Rats were randomly assigned into two groups: rats with intraportal saline or low-dose lipopolysaccharide (LPS) infusion for 4 weeks. Pathological changes in the liver were evaluated via histological and biochemical examination. Pancreatic insulin secretion was evaluated by in vivo hyperglycaemic clamp study.

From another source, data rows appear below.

(* Let $\Lambda$ and $\Lambda'$ be any permutation local limits. Then there exists a sequence of permutations $(\varphi_j)_{j\in\mathbb{N}}$ that converges locally to $\Lambda$ such that the sequence of inverse permutations $(\varphi_j^{-1})_{j\in\mathbb{N}}$ converges locally to $\Lambda'$.
   Context: Let $S$ be the set of all finite permutations. For $\pi\in S_k$ and $\sigma\in S_n$ with $k\le n$, the local density $\rho_k(\pi,\sigma)$ is the number of $i\in\{1,\dots,n-k+1\}$ such that $\sigma(i)\dots\sigma(i+k-1)$ is order-isomorphic to $\pi$, divided by $n-k+1$. A sequence $(\sigma_j)$ with $|\sigma_j|\to\infty$ converges locally to $\Lambda\in[0,1]^S$ if $\rho_{|\pi|}(\pi,\sigma_j)\to\Lambda_\pi$ for every $\pi\in S$. A permutation local limit is a vector $\Lambda\in[0,1]^S$ which is the local limit of some locally convergent sequence of permutations. $\varphi^{-1}$ denotes the inverse permutation. *)

From Stdlib Require Import Reals.
From mathcomp Require Import all_boot fingroup perm.
Set Implicit Arguments. Unset Strict Implicit. Unset Printing Implicit Defensive.

Definition fperm := {n : nat & 'S_n}.
Definition fsize (s : fperm) : nat := projT1 s.

(* sigma viewed as a function on nat (0-based positions, values in 0..n-1). *)
Definition permval (n : nat) (s : 'S_n) (x : nat) : nat :=
  match @insub nat (fun y => y < n) 'I_n x with
  | Some i => nat_of_ord (s i)
  | None => 0
  end.

Definition occurs_at (k n : nat) (pi : 'S_k) (s : 'S_n) (i : nat) : bool :=
  [forall a : 'I_k, forall b : 'I_k,
     (permval s (i + a) < permval s (i + b)) == (pi a < pi b)].

Definition occ_count (k n : nat) (pi : 'S_k) (s : 'S_n) : nat :=
  \sum_(0 <= i < n - k + 1) (occurs_at pi s i : nat).

(* Local density rho_k(pi, sigma); set to 0 when k > n (undefined there,
   irrelevant for limits since |sigma_j| -> oo). *)
Definition local_density (k n : nat) (pi : 'S_k) (s : 'S_n) : R :=
  if k <= n then Rdiv (INR (occ_count pi s)) (INR (n - k + 1)) else R0.

Definition fvec := forall k : nat, 'S_k -> R.

Definition converges_locally (sq : nat -> fperm) (L : fvec) : Prop :=
  (forall M : nat, exists J : nat, forall j : nat, (J <= j)%coq_nat -> M <= fsize (sq j)) /\
  (forall (k : nat) (pi : 'S_k),
      Un_cv (fun j => local_density pi (projT2 (sq j))) (L k pi)).

Definition in_unit_cube (L : fvec) : Prop :=
  forall (k : nat) (pi : 'S_k), Rle R0 (L k pi) /\ Rle (L k pi) R1.

Definition perm_local_limit (L : fvec) : Prop :=
  in_unit_cube L /\ exists sq : nat -> fperm, converges_locally sq L.

Definition fperm_inv (s : fperm) : fperm := existT _ (projT1 s) ((projT2 s)^-1)%g.

(* Take sigma_j -> L and tau_j -> L' with sizes m_j, n_j.  The permutation
   phi_j of size m_j * n_j maps position b * m_j + x (b < n_j, x < m_j) to the
   value sigma_j(x) * n_j + tau_j^-1(b).  Thus phi_j is a concatenation of
   n_j blocks, each order-isomorphic to sigma_j, and its inverse maps
   c * n_j + d to tau_j^-1^-1(d) * m_j + sigma_j^-1(c), i.e. it is a
   concatenation of m_j blocks order-isomorphic to tau_j. *)
From Stdlib Require Import Reals Lra Lia.
From mathcomp Require Import all_boot fingroup perm.
From mathcomp Require Import zify.
Set Implicit Arguments. Unset Strict Implicit. Unset Printing Implicit Defensive.

Lemma permval_ord n (s : 'S_n) (i : 'I_n) : permval s i = s i.
Proof. by rewrite /permval valK. Qed.

Lemma permval_lt n (s : 'S_n) x : x < n -> permval s x < n.
Proof. by move=> hx; rewrite (_ : x = Ordinal hx) // permval_ord. Qed.

Lemma permval_inj n (s : 'S_n) x y :
  x < n -> y < n -> permval s x = permval s y -> x = y.
Proof.
move=> hx hy; rewrite (_ : x = Ordinal hx) // (_ : y = Ordinal hy) // !permval_ord.
by move/val_inj/perm_inj => [].
Qed.

Lemma block_sum (F : nat -> nat) nb bs :
  \sum_(0 <= i < nb * bs) F i = \sum_(0 <= b < nb) \sum_(0 <= r < bs) F (b * bs + r).
Proof.
rewrite big_nat_mul; apply: eq_big_nat => b _.
rewrite mulSn addnC -{1}[b * bs]add0n big_addn addKn.
by apply: eq_big_nat => r _; rewrite addnC.
Qed.

Lemma leq_sum_nat m n (F G : nat -> nat) :
  (forall i, m <= i < n -> F i <= G i) ->
  \sum_(m <= i < n) F i <= \sum_(m <= i < n) G i.
Proof.
move=> h; rewrite big_nat_cond [X in _ <= X]big_nat_cond.
by apply: leq_sum => i /andP [hi _]; exact: h.
Qed.

Lemma occ_count_le k n (pi : 'S_k) (s : 'S_n) : occ_count pi s <= n - k + 1.
Proof.
rewrite /occ_count; apply: (leq_trans (n := \sum_(0 <= i < n - k + 1) 1)).
  by apply: leq_sum => i _; case: occurs_at.
by rewrite sum_nat_const_nat subn0 muln1.
Qed.

Definition block_copy (N bs : nat) (psi : 'S_N) (sig : 'S_bs) (nb : nat) : Prop :=
  forall b x y, b < nb -> x < bs -> y < bs ->
    (permval psi (b * bs + x) < permval psi (b * bs + y)) =
    (permval sig x < permval sig y).

(* Values of the form sig(x) * nb + g(b) on block b give a block copy of sig:
   the term g(b) < nb never affects comparisons inside a block. *)
Lemma block_copy_of_values N bs nb (psi : 'S_N) (sig : 'S_bs) (g : nat -> nat) :
  (forall b x, b < nb -> x < bs -> permval psi (b * bs + x) = permval sig x * nb + g b) ->
  block_copy psi sig nb.
Proof. by move=> H b x y hb hx hy; rewrite !H // ltn_add2r ltn_pmul2r //; lia. Qed.

Section BlockCount.
Variables (k N bs nb : nat) (pi : 'S_k) (psi : 'S_N) (sig : 'S_bs).
Hypotheses (k_gt0 : 0 < k) (k_le_bs : k <= bs) (nb_gt0 : 0 < nb).
Hypotheses (HN : N = nb * bs) (Hcopy : block_copy psi sig nb).

Let f i := (occurs_at pi psi i : nat).
Let W := bs - k + 1.
Let o := occ_count pi sig.

Lemma occurs_in_block b r : b < nb -> r + k <= bs ->
  occurs_at pi psi (b * bs + r) = occurs_at pi sig r.
Proof.
move=> hb hr; apply: eq_forallb => a; apply: eq_forallb => c.
have := ltn_ord a; have := ltn_ord c => ha hc.
by rewrite -!addnA Hcopy //; lia.
Qed.

Lemma block_prefix_count b : b < nb -> \sum_(0 <= r < W) f (b * bs + r) = o.
Proof.
move=> hb; apply: eq_big_nat => r /andP [_ hr].
by rewrite /f occurs_in_block //; rewrite /W in hr; lia.
Qed.

(* Windows starting in block b: o of them inside, at most k - 1 straddling. *)
Lemma block_bounds b : b < nb -> o <= \sum_(0 <= r < bs) f (b * bs + r) <= o + k.
Proof.
move=> hb; rewrite (big_cat_nat (n := W)) /W //=; last by lia.
rewrite -/W block_prefix_count // leq_addr /= leq_add2l.
apply: (leq_trans (n := \sum_(W <= r < bs) 1)).
  by apply: leq_sum => i _; rewrite /f; case: occurs_at.
by rewrite sum_nat_const_nat /W; lia.
Qed.

(* Global count: nb - 1 full blocks plus the W windows of the last block. *)
Lemma count_bounds : nb * o <= occ_count pi psi <= nb * (o + k).
Proof.
have [nb' enb] : exists nb', nb = nb'.+1 by exists nb.-1; lia.
have e : N - k + 1 = nb' * bs + W by rewrite HN enb /W; lia.
have last_block : \sum_(nb' * bs <= i < nb' * bs + W) f i = o.
  rewrite -{1}[nb' * bs]add0n big_addn addKn -(block_prefix_count (b := nb')); last by lia.
  by apply: eq_big_nat => r _; rewrite addnC.
rewrite /occ_count e (big_cat_nat (n := nb' * bs)) ?leq_addr //= -/f last_block block_sum.
set S := \sum_(0 <= b < nb') _.
have lo : nb' * o <= S.
  apply: (leq_trans (n := \sum_(0 <= b < nb') o)); first by rewrite sum_nat_const_nat subn0.
  apply: leq_sum_nat => b /andP [_ hb].
  by have /andP[] := block_bounds (b := b) ltac:(lia).
have hi : S <= nb' * (o + k).
  apply: (leq_trans (n := \sum_(0 <= b < nb') (o + k))); last by rewrite sum_nat_const_nat subn0.
  apply: leq_sum_nat => b /andP [_ hb].
  by have /andP[] := block_bounds (b := b) ltac:(lia).
by move: lo hi; rewrite enb; lia.
Qed.
End BlockCount.

Section Product.
Variables (m n : nat) (s : 'S_m) (t : 'S_n).

Definition bval (p : nat) : nat := permval s (p %% m) * n + permval t (p %/ m).

Lemma bval_lt p : p < m * n -> bval p < m * n.
Proof.
move=> hp; have m0 : 0 < m by case: m hp.
have hq : p %/ m < n by rewrite ltn_divLR // mulnC.
have h1 := permval_lt s (ltn_pmod p m0); have h2 := permval_lt t hq.
rewrite /bval; nia.
Qed.

(* Both digits of bval p in base n are recovered, so bval is injective. *)
Lemma bval_inj p q : p < m * n -> q < m * n -> bval p = bval q -> p = q.
Proof.
move=> hp hq; have m0 : 0 < m by case: m hp.
have n0 : 0 < n by case: n hp; rewrite ?muln0.
have hpq : p %/ m < n by rewrite ltn_divLR // mulnC.
have hqq : q %/ m < n by rewrite ltn_divLR // mulnC.
have c1 := permval_lt t hpq; have c2 := permval_lt t hqq.
rewrite /bval => e.
have ea : permval s (p %% m) = permval s (q %% m).
  have := congr1 (divn^~ n) e.
  by rewrite /= !divnMDl // (divn_small c1) (divn_small c2) !addn0.
have ec : permval t (p %/ m) = permval t (q %/ m).
  by have := congr1 (modn^~ n) e; rewrite /= !modnMDl (modn_small c1) (modn_small c2).
move/(permval_inj (ltn_pmod _ m0) (ltn_pmod _ m0)): ea => ea.
move/(permval_inj hpq hqq): ec => ec.
by rewrite (divn_eq p m) (divn_eq q m) ea ec.
Qed.

Definition bfun (p : 'I_(m * n)) : 'I_(m * n) := insubd p (bval p).

Lemma bfunE p : val (bfun p) = bval p.
Proof. by rewrite val_insubd bval_lt. Qed.

Lemma bfun_inj : injective bfun.
Proof. by move=> p q /(congr1 val); rewrite !bfunE => /bval_inj e; apply/val_inj/e. Qed.

Definition bperm : 'S_(m * n) := perm bfun_inj.

Lemma bperm_val b x : b < n -> x < m ->
  permval bperm (b * m + x) = permval s x * n + permval t b.
Proof.
move=> hb hx; have hp : b * m + x < m * n by nia.
rewrite (_ : b * m + x = Ordinal hp) // permval_ord permE bfunE /= /bval.
by rewrite modnMDl modn_small // divnMDl ?divn_small ?addn0 //; lia.
Qed.

Lemma bperm_inv_val c d : c < m -> d < n ->
  permval bperm^-1 (c * n + d) = permval t^-1 d * m + permval s^-1 c.
Proof.
move=> hc hd; have hv : c * n + d < m * n by nia.
have a1 := permval_lt s^-1 hc; have a2 := permval_lt t^-1 hd.
have hq : permval t^-1 d * m + permval s^-1 c < m * n by nia.
have e : bperm (Ordinal hq) = Ordinal hv.
  apply: val_inj; rewrite permE bfunE /= /bval.
  rewrite modnMDl modn_small // divnMDl ?divn_small ?addn0 //; last by lia.
  by rewrite (_ : c = Ordinal hc) // (_ : d = Ordinal hd) // !permval_ord !permKV.
by rewrite (_ : c * n + d = Ordinal hv) // permval_ord -e permK.
Qed.

Lemma bperm_block_copy : block_copy bperm s n.
Proof. apply: (block_copy_of_values (g := permval t)) => b x hb hx; exact: bperm_val. Qed.

Lemma bperm_inv_block_copy : block_copy bperm^-1 t^-1 m.
Proof.
apply: (block_copy_of_values (g := permval s^-1)) => c d hc hd.
by rewrite bperm_inv_val.
Qed.
End Product.

Open Scope R_scope.

Lemma leR (m n : nat) : (m <= n)%N -> INR m <= INR n.
Proof. by move/leP/le_INR. Qed.

Lemma INR_sub1 (a k : nat) : (k <= a)%N -> INR (a - k + 1) = INR a - INR k + 1.
Proof. by move=> h; rewrite plus_INR minus_INR /=; [lra | exact/leP]. Qed.

Lemma ratio_gap (A o D W nb k bs : R) :
  1 <= k -> 2 * k <= bs -> 1 <= nb -> 1 <= W ->
  W = bs - k + 1 -> D = nb * bs - k + 1 ->
  nb * o <= A -> A <= nb * (o + k) -> 0 <= o -> o <= W ->
  Rabs (A / D - o / W) <= 2 * k / bs.
Proof.
move=> k1 kb nb1 W1 eW eD h1 h2 o0 oW.
have hD : nb * bs <= 2 * D by rewrite eD; nra.
have D0 : 0 < D by nra.
have e : A / D - o / W = (A * W - o * D) / (D * W) by field; lra.
have hn1 : A * W - o * D <= nb * k * W.
  have := Rmult_le_compat_r W _ _ ltac:(lra) h2.
  have : 0 <= o * ((nb - 1) * (k - 1)) by apply: Rmult_le_pos => //; apply: Rmult_le_pos; lra.
  subst W D; nra.
have hn2 : - (nb * k * W) <= A * W - o * D.
  have := Rmult_le_compat_r W _ _ ltac:(lra) h1.
  have : o * ((nb - 1) * (k - 1)) <= W * (nb * k).
    by apply: Rmult_le_compat => //; [apply: Rmult_le_pos; lra | nra].
  subst W D; nra.
have key : nb * k * W / (D * W) <= 2 * k / bs.
  apply: (Rmult_le_reg_r (D * W * bs)); first by apply: Rmult_lt_0_compat; nra.
  have -> : nb * k * W / (D * W) * (D * W * bs) = nb * k * W * bs by field; lra.
  have -> : 2 * k / bs * (D * W * bs) = 2 * k * D * W by field; lra.
  nra.
rewrite e /Rdiv Rabs_mult Rabs_inv (Rabs_right (D * W)); last by nra.
apply: Rle_trans key; apply: Rmult_le_compat_r.
  by apply: Rlt_le; apply: Rinv_0_lt_compat; nra.
by apply: Rabs_le; lra.
Qed.

Lemma block_copy_density k N bs nb (pi : 'S_k) (psi : 'S_N) (sig : 'S_bs) :
  (0 < k)%N -> (2 * k <= bs)%N -> (0 < nb)%N -> N = (nb * bs)%N ->
  block_copy psi sig nb ->
  Rabs (local_density pi psi - local_density pi sig) <= 2 * INR k / INR bs.
Proof.
move=> k0 kb nb0 HN Hcopy; have kbs : (k <= bs)%N by lia.
have /andP [c1 c2] := count_bounds pi k0 kbs nb0 HN Hcopy.
rewrite /local_density kbs (_ : (k <= N)%N); last by rewrite HN; nia.
apply: (ratio_gap (nb := INR nb) (k := INR k) (bs := INR bs)).
- exact: (leR (m := 1)).
- by rewrite (_ : 2 = INR 2) -?mult_INR; [apply: leR | simpl; lra].
- exact: (leR (m := 1)).
- by apply: (leR (m := 1)); lia.
- exact: INR_sub1.
- by rewrite INR_sub1 ?HN ?mult_INR //; nia.
- by rewrite -mult_INR; apply: leR.
- by rewrite -plus_INR -mult_INR; apply: leR.
- exact: pos_INR.
- by apply: leR; apply: occ_count_le.
Qed.

(* The empty pattern occurs in every window, so its density is always 1. *)
Lemma density_empty_pattern (pi : 'S_0) N (psi : 'S_N) : local_density pi psi = 1.
Proof.
rewrite /local_density /= /occ_count.
rewrite (eq_big_nat _ _ (F2 := fun=> 1%N)); last first.
  by move=> i _; rewrite (_ : occurs_at _ _ _ = true) //; apply/forallP => -[].
by rewrite sum_nat_const_nat subn0 muln1 /Rdiv Rinv_r // subn0 addn1; apply: not_0_INR.
Qed.

Lemma Un_cv_close (u v : nat -> R) (sz : nat -> nat) (l c : R) : 0 <= c ->
  Un_cv u l ->
  (forall M, exists J, forall j, (J <= j)%coq_nat -> (M <= sz j)%N) ->
  (exists J, forall j, (J <= j)%coq_nat -> Rabs (v j - u j) <= c / INR (sz j)) ->
  Un_cv v l.
Proof.
move=> c0 Hu Hsz [J3 H3] eps he.
have [N1 H1] := Hu (eps / 2) ltac:(lra).
have [n0 Hn0] := INR_archimed (eps / 2) c ltac:(lra).
have [J2 H2] := Hsz n0.+1.
exists (Nat.max N1 (Nat.max J2 J3)) => j hj.
have hs := H2 j ltac:(lia); have hv := H3 j ltac:(lia); have hu := H1 j ltac:(lia).
have hs' : INR n0 + 1 <= INR (sz j) by rewrite -S_INR; apply: leR.
have s0 : 0 < INR (sz j) by have := pos_INR n0; lra.
have hc : c / INR (sz j) <= eps / 2.
  apply: (Rmult_le_reg_r (INR (sz j))) => //.
  rewrite /Rdiv Rmult_assoc Rinv_l; last by lra.
  have := pos_INR n0; nra.
rewrite /R_dist in hu *.
have := Rabs_triang (v j - u j) (u j - l).
by rewrite (_ : v j - u j + (u j - l) = v j - l); [lra | ring].
Qed.

(* Eventual block copies of a locally convergent sequence converge locally to
   the same limit: the window effects at block borders are O(k / |sq j|). *)
Lemma converges_locally_block_copy (sq ps : nat -> fperm) (nb : nat -> nat) (L : fvec) :
  converges_locally sq L ->
  (exists J, forall j, (J <= j)%coq_nat ->
     (0 < nb j)%N /\ fsize (ps j) = (nb j * fsize (sq j))%N /\
     block_copy (projT2 (ps j)) (projT2 (sq j)) (nb j)) ->
  converges_locally ps L.
Proof.
move=> [Hsize Hdens] [J Hps]; split.
  move=> M; have [J1 H1] := Hsize M; exists (Nat.max J J1) => j hj.
  have [nb0 [-> _]] := Hps j ltac:(lia); have := H1 j ltac:(lia); nia.
case=> [|k] pi.
  by apply: (Un_cv_ext _ _ _ _ (Hdens 0%N pi)) => j; rewrite !density_empty_pattern.
apply: (Un_cv_close (sz := fun j => fsize (sq j)) (c := 2 * INR k.+1) _ (Hdens _ pi) Hsize).
  by have := pos_INR k.+1; lra.
have [J1 H1] := Hsize (2 * k.+1)%N; exists (Nat.max J J1) => j hj.
have [nb0 [eN Hcopy]] := Hps j ltac:(lia).
by apply: (block_copy_density pi _ (H1 j ltac:(lia)) nb0 eN Hcopy).
Qed.

Theorem mainTheorem11 (L L' : fvec) :
  perm_local_limit L -> perm_local_limit L' ->
  exists phi : nat -> fperm,
    converges_locally phi L /\ converges_locally (fun j => fperm_inv (phi j)) L'.
Proof.
move=> [_ [sq Hsq]] [_ [sq' Hsq']].
pose sig j := projT2 (sq j); pose tau j := projT2 (sq' j).
exists (fun j => existT (fun n => 'S_n) _ (bperm (sig j) (tau j)^-1)); split.
- apply: (converges_locally_block_copy (nb := fun j => fsize (sq' j)) Hsq).
  have [J HJ] := Hsq'.1 1%N; exists J => j hj.
  by split; [exact: HJ | split; [exact: mulnC | exact: bperm_block_copy]].
- apply: (converges_locally_block_copy (nb := fun j => fsize (sq j)) Hsq').
  have [J HJ] := Hsq.1 1%N; exists J => j hj.
  split; [exact: HJ | split => //].
  by rewrite -[projT2 (sq' j)]invgK; exact: bperm_inv_block_copy.
Qed.
Lemma deriv_in_mult D f g x lf lg : D x -> deriv_in D f x lf -> deriv_in D g x lg ->
  deriv_in D (fun t => f t * g t) x (lf * g x + f x * lg).
Proof.
  intros Dx Hf Hg.
  assert (Cg := cont_in_limit_punctured _ _ _ (deriv_in_cont _ _ _ _ Dx Hg)).
  apply deriv_in_limit in Hf, Hg; apply deriv_in_limit.
  eapply limit1_in_ext; [|exact (limit_plus _ _ _ _ _ _ (limit_mul _ _ _ _ _ _ Hf Cg)
     (limit_mul _ _ _ _ _ _ (limit_free (fun _ => f x) _ x x) Hg))].
  unfold punctured, diff_quot; intros y [_ Hy]; field; lra.
Qed.

Lemma deriv_in_inv D f x l : D x -> (forall y, D y -> f y <> 0) -> deriv_in D f x l ->
  deriv_in D (fun t => / f t) x (- l / (f x * f x)).
Proof.
  intros Dx Hnz Hf.
  assert (Cf := cont_in_limit_punctured _ _ _ (deriv_in_cont _ _ _ _ Dx Hf)).
  assert (Hfx := Hnz x Dx).
  apply deriv_in_limit in Hf; apply deriv_in_limit.
  assert (Hi : limit1_in (fun y => / (f y * f x)) (punctured D x) (/ (f x * f x)) x).
  { apply limit_inv; [|apply Rmult_integral_contrapositive; auto].
    apply limit_mul; auto; apply (limit_free (fun _ => f x) _ x). }
  eapply limit1_in_ext; [|exact (limit_mul _ _ _ _ _ _ (limit_Ropp _ _ _ _ Hf) Hi)].
  unfold punctured, diff_quot; intros y [Dy Hy]; assert (f y <> 0) by auto.
  field; repeat split; auto; lra.
Qed.

Lemma deriv_in_div D f g x lf lg :
  D x -> (forall y, D y -> g y <> 0) -> deriv_in D f x lf -> deriv_in D g x lg ->
  deriv_in D (fun t => f t / g t) x ((lf * g x - f x * lg) / (g x * g x)).
Proof.
  intros Dx Hnz Hf Hg; assert (Hgx := Hnz x Dx).
  eapply deriv_in_val; [exact (deriv_in_mult _ _ _ _ _ _ Dx Hf (deriv_in_inv _ _ _ _ Dx Hnz Hg))|].
  cbv beta; field; auto.
Qed.

Lemma deriv_in_unique c d f x l1 l2 : c < d -> c <= x <= d ->
  deriv_in (fun t => c <= t <= d) f x l1 -> deriv_in (fun t => c <= t <= d) f x l2 -> l1 = l2.
Proof.
  intros Hcd Hx H1 H2; apply deriv_in_limit in H1, H2.
  eapply single_limit; [|exact H1|exact H2].
  intros alp Ha; set (e := Rmin (alp / 2) ((d - c) / 2)).
  assert (e <= alp / 2) by apply Rmin_l; assert (e <= (d - c) / 2) by apply Rmin_r.
  assert (0 < e) by (apply Rmin_glb_lt; lra).
  unfold punctured, Rdist; destruct (Rle_dec x ((c + d) / 2)).
  - exists (x + e); split; [split; lra|].
    replace (x + e - x) with e by ring; rewrite Rabs_right; lra.
  - exists (x - e); split; [split; lra|].
    replace (x - e - x) with (- e) by ring; rewrite Rabs_Ropp, Rabs_right; lra.
Qed.

Lemma deriv_in_reflect D f a x l :
  deriv_in D f (a - x) l -> deriv_in (fun t => D (a - t)) (fun t => f (a - t)) x (- l).
Proof.
  intros H eps He; destruct (H eps He) as [del [Hdel H']]; exists del; split; auto.
  intros y Dy Hne Hy.
  replace ((f (a - y) - f (a - x)) / (y - x) - - l)
    with (- ((f (a - y) - f (a - x)) / (a - y - (a - x)) - l)) by (field; lra).
  rewrite Rabs_Ropp; apply H'; auto; [lra|].
  replace (a - y - (a - x)) with (- (y - x)) by ring; rewrite Rabs_Ropp; auto.
Qed.

Lemma deriv_in_le_right D f g c e lf lg : 0 < e -> (forall t, c < t < c + e -> D t) ->
  deriv_in D f c lf -> deriv_in D g c lg ->
  (forall t, c < t < c + e -> f t - f c <= g t - g c) -> lf <= lg.
Proof.
  intros He HD Hf Hg Hfg; apply Rnot_lt_le; intro Hlt.
  destruct (Hf ((lf - lg) / 2) ltac:(lra)) as [df [Hdf Hf']].
  destruct (Hg ((lf - lg) / 2) ltac:(lra)) as [dg [Hdg Hg']].
  set (t := c + Rmin e (Rmin df dg) / 2).
  assert (Rmin e (Rmin df dg) <= e) by apply Rmin_l.
  assert (Rmin e (Rmin df dg) <= Rmin df dg) by apply Rmin_r.
  assert (Rmin df dg <= df) by apply Rmin_l; assert (Rmin df dg <= dg) by apply Rmin_r.
  assert (0 < Rmin e (Rmin df dg)) by (repeat apply Rmin_glb_lt; lra).
  assert (Ht : c < t < c + e) by (unfold t; lra).
  assert (Hdist : Rabs (t - c) = t - c) by (apply Rabs_right; lra).
  specialize (Hf' t (HD t Ht) ltac:(lra) ltac:(rewrite Hdist; unfold t; lra)).
  specialize (Hg' t (HD t Ht) ltac:(lra) ltac:(rewrite Hdist; unfold t; lra)).
  apply Rabs_def2 in Hf', Hg'.
  assert ((f t - f c) / (t - c) <= (g t - g c) / (t - c)).
  { apply Rmult_le_compat_r; [left; apply Rinv_0_lt_compat; lra|apply Hfg; auto]. }
  lra.
Qed.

White blood cell count was significantly increased after intraportal LPS infusion for 4 weeks. Plasma amylase and chemoluminescence counts indicating superoxide levels were significantly increased after LPS treatments for 2 and 4 weeks. Intraportal low-dose LPS infusion significantly increased tumour necrosis factor-alpha and interleukin-6 contents in liver and pancreas. Circulating C-reactive protein, thiobarbituric acid reactive substances (TBARS) and endotoxin levels were not different among groups. The first- and second-phase insulin secretions in hyperglycaemic clamp were significantly decreased in LPS-treated rats. The histopathological scores, de novo production of reactive oxygen substrate and TBARS contents in the liver and pancreas were significantly increased in LPS-infused rats. Leucocyte infiltration was clearly visible in pancreatic islets of LPS-treated rats.


The present study demonstrated that mild portal endotoxaemia caused subacute hepatic inflammation and impaired pancreatic insulin secretion, implicating that portal endotoxaemia is a potential risk factor to link chronic subacute hepatic inflammation and pancreatic beta-cell dysfunction.